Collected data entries
(* Let $\rho^A$ be a state, $R$ a reference system with $|\psi\rangle^{RA}$ a purification of $\rho^A$, and $\{\Lambda_x^A\}$ a POVM on $A$. Let \[ \sigma^{XR}:=\sum_xP_X(x)|x\rangle\langle x|^X\otimes\rho_x^R,\qquad P_X(x)=\operatorname{Tr}[\Lambda_x\rho],\quad \rho_x^R:=\frac{1}{\operatorname{Tr}[\Lambda_x\rho]}\big(\sqrt\rho\,\Lambda_x^T\sqrt\rho\big)^R . \] Then for any $0<\varepsilon\le\frac14$ and $0<\varepsilon'\le\min\{\frac\varepsilon3,\frac14\}$, \[ {}^{1}I_{\max}^{\varepsilon}(X:R)_{\sigma}\le\widetilde{H}_{\max}^{O(\varepsilon^2)}(A)_\rho-O(\log\varepsilon), \] \[ I_{\max}^{2\varepsilon}(X:R)_{\sigma}\le\widetilde{H}_{\max}^{O(\varepsilon^2)}(A)_\rho-O(\log\varepsilon)+O\Big(\log\frac{\varepsilon'^2}{12}\Big). \]
   Context: Logs base 2; $O(\cdot)$ terms are bounded by universal constants times the indicated expressions. $\mathcal{B}^\delta(\rho)$: subnormalized states within purified distance $\delta$ of $\rho$ (using generalized fidelity $F(\rho,\sigma)=\|\sqrt\rho\sqrt\sigma\|_1+\sqrt{(1-\operatorname{Tr}\rho)(1-\operatorname{Tr}\sigma)}$). $D_{\max}(\rho\|\sigma)=\min\{\lambda:\rho\le2^\lambda\sigma\}$. $I_{\max}(A:B)_\rho:=D_{\max}(\rho^{AB}\|\rho^A\otimes\rho^B)$, $I_{\max}^\delta(A:B)_\rho:=\min_{\tilde\rho\in\mathcal{B}^\delta(\rho)}I_{\max}(A:B)_{\tilde\rho}$. Modified max-information: ${}^1I_{\max}(A:B)_\rho:=\min_{\sigma^B\text{ state}}D_{\max}(\rho^{AB}\|\rho^A\otimes\sigma^B)$, ${}^1I_{\max}^\delta(A:B)_\rho:=\min_{\rho'\in\mathcal{B}^\delta(\rho)}{}^1I_{\max}(A:B)_{\rho'}$. $\widetilde{H}_{\max}^\delta(A)_\rho:=\log|\operatorname{supp}(\rho')|$ where $\rho'$ is $\rho$ with its smallest eigenvalues summing to at most $\delta$ set to zero. The transpose $\Lambda_x^T$ is taken in the eigenbasis of $\rho$ used to define the purification. *)

From HB Require Import structures.
From mathcomp Require Import all_boot all_order all_algebra.
From mathcomp Require Import sesquilinear spectral.
From mathcomp Require Import complex mxtens.
From mathcomp Require Import boolp classical_sets reals ereal exp.

Set Implicit Arguments.
Unset Strict Implicit.
Unset Printing Implicit Defensive.

Import Order.TTheory GRing.Theory Num.Theory Num.Def.
Local Open Scope ring_scope.
Local Open Scope complex_scope.

Section Quantum.
Variable R : realType.
Local Notation C := (R[i]).

Definition reC (z : C) : R := complex.Re z.

Definition adj {m n} (A : 'M[C]_(m, n)) : 'M[C]_(n, m) := map_mx conjC (A ^T).

Definition psdmx {n} (A : 'M[C]_n) : Prop :=
  adj A = A /\ forall v : 'rV[C]_n, 0 <= (v *m A *m adj v) 0 0.
Definition loewner_le {n} (A B : 'M[C]_n) : Prop := psdmx (B - A).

- Task to complete -
All lines from the one with "(A : 'M[C]_n) : Prop" onward to the end of the records above should be repeated exactly, and only those lines.

- Task solution -
Definition psdmx {n} (A : 'M[C]_n) : Prop :=
  adj A = A /\ forall v : 'rV[C]_n, 0 <= (v *m A *m adj v) 0 0.
Definition loewner_le {n} (A B : 'M[C]_n) : Prop := psdmx (B - A).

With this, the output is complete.